Wednesday, September 14, 2016

ramen in portland - part 4 中華料理拉麺



A friend met up with me to go try the new ramen place that is in Uwajimaya. We have high hope that it serves half-decent bowls of ramen. I have to admit I am very hard to please and I have yet to be impressed by any that I tried in this country. The decor and presentation of the restaurant looks right, and so is the menu. Usually if the place try to be everything of Japanese it is a sign to avoid. You want to see they serve nothing else but ramen and Gyoza, and drinks.


I order a bowl with chashu 义燒 with shoyu broth and my friend also a bowl with chashu but with shio. The bowls arrive and immediately I found a few things amiss. No half boiled egg. No menma 麺麻. Also missing is a piece or two of toasted nori. The only toppings are few generous sized chashu  义燒 and chopped scallion.

Actually we both saw these missing topping as options each at additional cost. The bowls of ramen are around $10 nominal. We then realize they do this to boot the bill of an order if you want the standard-issued toppings as one can expect from any ramen joints in Japan. I did not like this.

At the time I felt that the broth was quite tasty and full of umami. The chashu is tender with the right consistency and is also quite tasty. The noodles is good, and I think it is likely supplied by Sun, hence decent. Later that afternoon, I had the worst thirst experience that I can remember in recent years. I am normally quite tolerant of MSG, and for me to be this thirsty the broth must had exceeding quantity. No wonder it was a tasty broth.

A week later I decide to spend some time and make myself some ramen as I was unhappy with the missing toppings that I come to expect in a decent bowl. My ramen would be made without shortcuts and my broth does not rely on MSG to boost the taste.

I bought two pieces of whole pork neck bone to make the stock; I didn't take photo of all the other ingredients that I put into the stock; I put pieces of apple form my apple tree
I use whole piece of neck bone because I don't want the broth to be too cloudy. I dislike how most stores would cut them into pieces. To use whole piece of bone you would need a big and wide pot like I use here.

I have not make half-boiled eggs a while now and my timing is off so the eggs were full-boiled

One little secret to make soft-boiled eggs. If you wonder why you have such a hard time shelling the eggs, you likely use eggs that are too fresh. You want eggs that is a few weeks old to make the peeling easy. Also refrain from using the finger nails. Use the flesh of your fingers for clean shelling starting from the air pocket at the big end without digging into the egg white.

freshly toasted nori

this bowl has chashu 义燒 as well as fresh live clams

My bowls of ramen that I make at home are better than any that I can get in this city.

You may notice that there is not much broth in my bowls. As it takes quite a bit of real ingredients to make a quantity of broth, I rather put in the amount that I would empty the bowl instead of a lot for the sake of presentation. The slices of chashu is rather small because I could not get a big piece of pig shoulder at this shop.
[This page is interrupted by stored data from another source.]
(* succ T b x = probability that RandDecode started at x halts within T rounds,
   with output y, and with total per-round cost  sum_t |U(x_t)|  at most b.
   (Per-round running time of the stated implementation is Theta(|U(x_t)|).) *)
Fixpoint succ (T b : nat) (x : word n) : R :=
  match T with
  | 0 => if unsat x == set0 then (x == y)%:R else 0
  | T'.+1 =>
      if unsat x == set0 then (x == y)%:R
      else if (#|unsat x| <= b)%N then
        \sum_(x' : word n) trans x x' * succ T' (b - #|unsat x|) x'
      else 0
  end.

(* Since every executed round costs >= 1, b rounds suffice. *)
Definition success_prob (b : nat) (x : word n) : R := succ b b x.

End Graph.

From HB Require Import structures.
From mathcomp Require Import all_boot all_order all_algebra.
From mathcomp Require Import reals sequences exp.
From mathcomp Require Import ring lra zify.
Import Order.TTheory GRing.Theory Num.Theory.

Set Implicit Arguments.
Unset Strict Implicit.
Unset Printing Implicit Defensive.

(* Let E(x) be the set of positions where x differs from the codeword y, and
   t = d0/2.  A check v with w_v > 0 erroneous neighbours contributes at least
   (t - w_v)/(c t) to the signed flip mass  sum_{i in E} p_i - sum_{i notin E} p_i:
   its local decoding is either y_{N(v)}, and then it pushes an erroneous bit with
   exactly this weight, or a codeword at distance >= 2t from y_{N(v)}.  Summing
   over N(E(x)) and using expansion, the signed mass is >= (delta - 1/t) |E(x)|,
   while sum_i p_i <= |E(x)|.  Hence exp(eta |E(x)|) shrinks in expectation by a
   factor exp(-theta |E(x)|) while |E(x)| <= alpha n, and as a round costs
   |U(x)| <= c |E(x)| this potential also pays for the running time: after T
   rounds with budget b the failure probability is at most
   T exp(-theta alpha n) + exp(eta |E(x)| - theta b / c). *)

Section Hamming.
Variable k : nat.
Implicit Types a b e : word k.

Lemma dHC a b : dH a b = dH b a.
Proof. by apply: eq_card => i; rewrite !inE eq_sym. Qed.

Lemma dH_eq0 a b : (dH a b == 0) = (a == b).
Proof.
rewrite cards_eq0; apply/eqP/eqP => [ab0 | ->]; last by apply/setP => i; rewrite !inE eqxx.
by apply/ffunP => i; move/setP/(_ i): ab0; rewrite !inE => /negbFE/eqP.
Qed.

Lemma dHxx a : dH a a = 0.
Proof. by apply/eqP; rewrite dH_eq0. Qed.

Lemma dH_triangle a b e : dH a e <= dH a b + dH b e.
Proof.
apply: leq_trans (leq_card_setU _ _); apply: subset_leq_card; apply/subsetP => i.
by rewrite !inE; case: (a i); case: (b i); case: (e i).
Qed.

End Hamming.

Lemma sum_expn2_rev_lt d : \sum_(j < d) 2 ^ (d.-1 - j) < 2 ^ d.
Proof.
elim: d => [|d IH]; first by rewrite big_ord0.
rewrite big_ord_recl subn0 expnS mul2n -addnn ltn_add2l.
by congr (_ < _): IH; apply: eq_bigr => j _; rewrite /bump /= subnS predn_sub.
Qed.

Lemma lexrank_lt d (w : word d) : lexrank w < 2 ^ d.
Proof.
apply: leq_ltn_trans (sum_expn2_rev_lt d); apply: leq_sum => j _.
by case: (w j); rewrite ?mul1n ?mul0n.
Qed.

Section Decode.
Variables (d : nat) (C0 : {set word d}).
Hypothesis C0_neq0 : C0 != set0.

Lemma dec_key_dH (z w w' : word d) : dec_key z w <= dec_key z w' -> dH w z <= dH w' z.
Proof.
rewrite /dec_key => le_key; rewrite -ltnS -(ltn_pmul2r (expn_gt0 2 d)).
have := lexrank_lt w'; nia.
Qed.

Lemma decodeP z :
  decode C0 z \in C0 /\ forall w, w \in C0 -> dH (decode C0 z) z <= dH w z.
Proof.
rewrite /decode; case: pickP => [w /andP[wC /forall_inP min_w] | none] /=.
  by split=> // w' /min_w /dec_key_dH.
have [w0 w0C] := set0Pn _ C0_neq0.
have [w wC min_w] := arg_minnP (dec_key z) w0C.
by move: (none w) => /=; rewrite (wC : w \in C0); case: forall_inP.
Qed.

Lemma decode_in z : decode C0 z \in C0.
Proof. by case: (decodeP z). Qed.

Lemma decode_nearest z w : w \in C0 -> dH (decode C0 z) z <= dH w z.
Proof. by case: (decodeP z) => _; apply. Qed.

Lemma decode_id z : z \in C0 -> decode C0 z = z.
Proof.
by move=> zC; apply/eqP; rewrite -dH_eq0 -leqn0 -(dHxx z) decode_nearest.
Qed.

End Decode.

Section Biregular.
Variables (n m d c : nat) (nbr : 'I_m -> d.-tuple 'I_n).
Hypothesis breg : biregular nbr c.
Implicit Type S : {set 'I_n}.

Definition deg_in S v := #|[set j | tnth (nbr v) j \in S]|.

Lemma deg_in_card S v : deg_in S v = #|[set i in S | i \in nbr v]|.
Proof.
rewrite /deg_in -(card_imset _ (tuple_uniqP _ (breg.1 v))).
apply: eq_card => i; rewrite inE; apply/imsetP/andP => [[j] | [iS /tnthP[j ij]]].
  by rewrite inE => jS ->; rewrite mem_tnth.
by exists j; rewrite // inE -ij.
Qed.

Lemma sum_deg_in S : \sum_v deg_in S v = c * #|S|.
Proof.
have deg_sum v : deg_in S v = \sum_(i in S) (i \in nbr v).
  rewrite deg_in_card -sum1_card big_mkcond [RHS]big_mkcond /=.
  by apply: eq_bigr => i _; rewrite !inE; case: (i \in S); case: (i \in nbr v).
rewrite (eq_bigr _ (fun v _ => deg_sum v)) exchange_big /= mulnC -sum_nat_const.
apply: eq_bigr => i _; rewrite -(breg.2 i) -sum1_card [RHS]big_mkcond /=.
by apply: eq_bigr => v _; rewrite inE; case: (i \in nbr v).
Qed.

Lemma mem_nbhd S v : (v \in nbhd nbr S) = (0 < deg_in S v).
Proof.
by rewrite inE card_gt0; apply/existsP/set0Pn => -[j]; rewrite ?inE => jS; exists j; rewrite ?inE.
Qed.

Lemma card_nbhdE S : #|nbhd nbr S| = \sum_v (0 < deg_in S v).
Proof. by rewrite -sum1_card big_mkcond /=; apply: eq_bigr => v _; rewrite mem_nbhd; case: ifP. Qed.

Lemma card_nbhd_le S : #|nbhd nbr S| <= c * #|S|.
Proof. by rewrite card_nbhdE -sum_deg_in; apply: leq_sum => v _; case: (deg_in S v). Qed.

End Biregular.

Section FirstDiff.
Variables (n m d : nat) (nbr : 'I_m -> d.-tuple 'I_n) (C0 : {set word d}).

Lemma firstdiffP x v i : firstdiff nbr C0 x v = Some i ->
  exists2 j, tnth (nbr v) j = i & decode C0 (restr nbr x v) j != restr nbr x v j.
Proof.
rewrite /firstdiff; case: pickP => // i' /andP[/existsP[j /andP[/eqP ji' ne]] _] [<-].
by exists j.
Qed.

Lemma firstdiff_nbr x v i : firstdiff nbr C0 x v = Some i -> i \in nbr v.
Proof. by case/firstdiffP => j <- _; apply: mem_tnth. Qed.

Lemma firstdiff_Some x v : decode C0 (restr nbr x v) != restr nbr x v ->
  exists i, firstdiff nbr C0 x v = Some i.
Proof.
move=> neq; have [j neq_j] : exists j, decode C0 (restr nbr x v) j != restr nbr x v j.
  by apply/existsP; move: neq; apply: contraR; rewrite negb_exists => /forallP eq_j;
     apply/eqP/ffunP => j; apply/eqP/negPn.
have diff_j : differs_at nbr C0 x v (tnth (nbr v) j) by apply/existsP; exists j; rewrite eqxx.
rewrite /firstdiff; case: pickP => [i _ | none]; first by exists i.
have [i diff_i min_i] := arg_minnP (fun i : 'I_n => nat_of_ord i) diff_j.
by move: (none i) => /=; rewrite diff_i; case: forallP => // -[] i'; apply/implyP/min_i.
Qed.

End FirstDiff.

Local Open Scope ring_scope.

Lemma sum_prod_flip (R : comPzRingType) n (p : 'I_n -> R) (x : word n)
    (f : 'I_n -> bool -> R) :
  \sum_(x' : word n) (\prod_i (if x' i != x i then p i else 1 - p i)) * \prod_i f i (x' i) =
  \prod_i ((1 - p i) * f i (x i) + p i * f i (~~ x i)).
Proof.
have prodM (x' : word n) : (\prod_i (if x' i != x i then p i else 1 - p i)) * \prod_i f i (x' i) =
    \prod_i ((if x' i != x i then p i else 1 - p i) * f i (x' i)) by rewrite big_split.
rewrite (eq_bigr _ (fun x' _ => prodM x')).
rewrite -(bigA_distr_bigA (fun i b => (if b != x i then p i else 1 - p i) * f i b)) /=.
by apply: eq_bigr => i _; rewrite big_bool /=; case: (x i) => /=; rewrite addrC.
Qed.

(* Flipping a bit multiplies exp(eta |E|) by exp(-eta) if it was erroneous and by
   exp(eta) otherwise, i.e. by at most exp(-(1 - exp(-eta)) sign + (exp(eta) +
   exp(-eta) - 2)) per unit of flip mass; a signed mass >= gamma |E| and a total
   mass <= |E| then give this decay rate per erroneous position. *)
Definition drift_rate (R : realType) (eta gamma : R) : R :=
  (1 - expR (- eta)) * gamma - (expR eta + expR (- eta) - 2).
Arguments drift_rate : simpl never.

Lemma expR_add_expRN_ge2 (R : realType) (x : R) : 2 <= expR x + expR (- x).
Proof. by have := expR_ge1Dx x; have := expR_ge1Dx (- x); lra. Qed.

Lemma drift_rate_le (R : realType) (eta gamma : R) :
  0 <= eta -> gamma <= 1 -> drift_rate eta gamma <= eta.
Proof.
move=> eta_ge0 gamma_le1; rewrite /drift_rate.
have A_ge0 : 0 <= 1 - expR (- eta) by rewrite subr_ge0 expR_le1 oppr_le0.
have := expR_ge1Dx (- eta); have := expR_add_expRN_ge2 eta.
nra.
Qed.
It had been cut into half the normal size. I did not take photos of the preparation of the chashu.

The only good noodles for ramen that I can get in this town is this frozen one by Sun Noodle. It is quite expensive as it comes with two packs of miso flavored soup base which I don't use. It is intended the next step up from instant ramen. I buy these package just for the two servings of noodles inside. Sun Noodle company sells many types of noodles to ramen restaurants across United States. Unfortunate the company do not sell noodles to retail consumers except in these "convenient" products.

there is MSG in the miso soup packs


the dark bowl makes it very hard to see the slice of toasted nori

Since the boiled eggs are full-boiled, I decide to put them into the juice of the slow-simmered chashu. This makes for delicious and well seasoned hard boiled eggs that one can snack on. I can still use it as the ramen topping.

Making a bowl of authentic ramen is quite involving. However once you make a quantity of the broth, chashu, toasted nori, and boiled eggs you can have many meals of ramen for the whole week. You can prepare many different variation of ramen with creativity. It is very easy to make the common broth flavor - shoyu, shio, miso. Sometimes I like to use western ingredients like butter or sprinkle in some grated Parmesan cheese.

One tip in how to clean cut the soft-boiled egg in halves. Loop the egg lengthwise with a piece of sewing thread and pull. There is no better way.

 A few words on nori and menma 麺麻. I only buy nori that is from Korea or Japan. The good menma 麺麻 that I found should said "Product of Japan". "Processed in Japan" means value-added seasoning done in Japan but with processed bamboo shoot from China. My experience is those have very pronounce foul chemical taste and smell.